Skin and subcutaneous tissue disorders: urticaria, rash, pruritus, angioedema, hyperhidrosis.
Musculoskeletal and connective tissue disorders: muscular weakness, muscle spasms, myalgia.
Renal and urinary disorders: urinary retention.
Investigations: blood pressure systolic increased, blood pressure diastolic decreased.
The chronic co-administration of DUOVENT with other anticholinergic drugs has not been studied. Therefore, the chronic co-administration of DUOVENT with other anticholinergic drugs is not recommended.
Other beta-adrenergics, anticholinergics and xanthine derivatives (such as theophylline) may enhance the bronchodilatatory effect. The concurrent administration of other beta-mimetics, systemically available anticholinergics and xanthine derivatives (e.g. theophylline) may increase the adverse reactions.

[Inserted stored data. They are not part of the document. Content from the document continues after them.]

(* Let $n\geq 2$ and let $(A,\cdot,[\cdot,\ldots,\cdot])$ be a simple transposed Poisson $n$-Lie algebra. Then the $n$-Lie algebra $(A,[\cdot,\ldots,\cdot])$ is simple.
   Context: An $n$-Lie algebra is a vector space $L$ with an $n$-linear skew-symmetric bracket satisfying $[[x_1,\ldots,x_n],y_2,\ldots,y_n]=\sum_{i=1}^n[x_1,\ldots,x_{i-1},[x_i,y_2,\ldots,y_n],x_{i+1},\ldots,x_n]$; an ideal is a subspace $I$ with $[I,A,\ldots,A]\subseteq I$, and it is simple if $[A,\ldots,A]\neq 0$ and its only ideals are $0$ and $A$. A transposed Poisson $n$-Lie algebra (over $\mathbb{C}$) is a triple $(A,\cdot,[\cdot,\ldots,\cdot])$ where $(A,\cdot)$ is commutative associative, $(A,[\cdot,\ldots,\cdot])$ is an $n$-Lie algebra, and $n\,h\,[a_1,\ldots,a_n]=\sum_{i=1}^n[a_1,\ldots,h a_i,\ldots,a_n]$ for all $h,a_i\in A$. An ideal of it is a subspace $J$ with $A\cdot J\subseteq J$ and $[J,A,\ldots,A]\subseteq J$; it is simple if $[A,\ldots,A]\neq 0$ and its only ideals are $0$ and $A$. *)

From HB Require Import structures.
From mathcomp Require Import all_boot all_order all_algebra.
From mathcomp Require Import complex.
From mathcomp Require Import Rstruct.
From Stdlib Require Import Reals.
Set Implicit Arguments. Unset Strict Implicit. Unset Printing Implicit Defensive.
Import GRing.Theory.
Local Open Scope ring_scope.

Definition CC : fieldType := complex R.

Section NLie.
Variables (K : fieldType) (A : lmodType K) (n : nat).

Definition upd (a : 'I_n -> A) (i : 'I_n) (v : A) : 'I_n -> A :=
  fun j => if j == i then v else a j.

Definition swap (a : 'I_n -> A) (i k : 'I_n) : 'I_n -> A :=
  fun j => if j == i then a k else if j == k then a i else a j.

Definition multilinear (br : ('I_n -> A) -> A) : Prop :=
  forall (a : 'I_n -> A) (i : 'I_n) (c : K) (x y : A),
    br (upd a i (c *: x + y)) = c *: br (upd a i x) + br (upd a i y).

Definition skew_symmetric (br : ('I_n -> A) -> A) : Prop :=
  forall (a : 'I_n -> A) (i k : 'I_n), i != k -> br (swap a i k) = - br a.

(* Filippov identity:
   [[x_1..x_n], y_2..y_n] = sum_i [x_1,..,[x_i,y_2..y_n],..,x_n];
   the y's are the entries of y : 'I_n -> A other than the first slot k0. *)
Definition filippov (br : ('I_n -> A) -> A) : Prop :=
  forall (x y : 'I_n -> A) (k0 : 'I_n), nat_of_ord k0 = 0%N ->
    br (upd y k0 (br x)) =
    \sum_(i < n) br (upd x i (br (upd y k0 (x i)))).

Definition is_nLie (br : ('I_n -> A) -> A) : Prop :=
  [/\ multilinear br, skew_symmetric br & filippov br].

Definition subspace (I : A -> Prop) : Prop :=
  [/\ I 0, (forall x y, I x -> I y -> I (x + y)) & (forall (c : K) x, I x -> I (c *: x))].

Definition bracket_closed (br : ('I_n -> A) -> A) (I : A -> Prop) : Prop :=
  forall (a : 'I_n -> A) (k0 : 'I_n), nat_of_ord k0 = 0%N -> I (a k0) -> I (br a).

Definition nLie_ideal (br : ('I_n -> A) -> A) (I : A -> Prop) : Prop :=
  subspace I /\ bracket_closed br I.

Definition nontrivial_bracket (br : ('I_n -> A) -> A) : Prop :=
  exists a : 'I_n -> A, br a != 0.

Definition only_trivial_ideals (P : (A -> Prop) -> Prop) : Prop :=
  forall I, P I -> (forall x, I x -> x = 0) \/ (forall x, I x).

Definition simple_nLie (br : ('I_n -> A) -> A) : Prop :=
  is_nLie br /\ nontrivial_bracket br /\ only_trivial_ideals (nLie_ideal br).

Definition comm_assoc_product (mul : A -> A -> A) : Prop :=
  [/\ (forall (c : K) x y z, mul (c *: x + y) z = c *: mul x z + mul y z),
      (forall x y, mul x y = mul y x) &
      (forall x y z, mul (mul x y) z = mul x (mul y z))].

Definition transposed_compat (mul : A -> A -> A) (br : ('I_n -> A) -> A) : Prop :=
  forall (h : A) (a : 'I_n -> A),
    n%:R *: mul h (br a) = \sum_(i < n) br (upd a i (mul h (a i))).

Definition is_TPnLie (mul : A -> A -> A) (br : ('I_n -> A) -> A) : Prop :=
  [/\ comm_assoc_product mul, is_nLie br & transposed_compat mul br].

Definition TP_ideal (mul : A -> A -> A) (br : ('I_n -> A) -> A) (J : A -> Prop) : Prop :=
  [/\ subspace J, (forall h x, J x -> J (mul h x)) & bracket_closed br J].

Definition simple_TPnLie (mul : A -> A -> A) (br : ('I_n -> A) -> A) : Prop :=
  is_TPnLie mul br /\ nontrivial_bracket br /\ only_trivial_ideals (TP_ideal mul br).

End NLie.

A potentially serious reduction in bronchodilatation may occur during concurrent administration of beta-blockers.
Hypokalaemia induced by beta2-agonists may be increased by concomitant treatment with xanthine derivatives, corticosteroids, and diuretics. This should be taken into account particularly in patients with severe airway obstruction.
Hypokalaemia may result in an increased susceptibility to arrhythmias in patients receiving digoxin. Additionally, hypoxia may aggravate the effects of hypokalaemia on cardiac rhythm. It is recommended that serum potassium levels are monitored in such situations.
Beta2-agonist containing medicinal products should be administered with caution to patients being treated with monoamine oxidase inhibitors or tricyclic antidepressants, since the action of beta-adrenergic agonists may be enhanced.
Inhalation of halogenated hydrocarbon anaesthetics such as halothane, trichloroethylene and enflurane may increase the susceptibility on the cardiovascular effects of beta-agonists.
R03AL01 - fenoterol and ipratropium bromide ; Belongs to the class of combination of adrenergics with anticholinergics, that may also include a corticosteroid. Used in the treatment of obstructive airway diseases.
Inhalant 4 mL (clear, colourless or almost colourless liquid, free from suspended particles and filled into polyethylene unit dose vials) x 60's.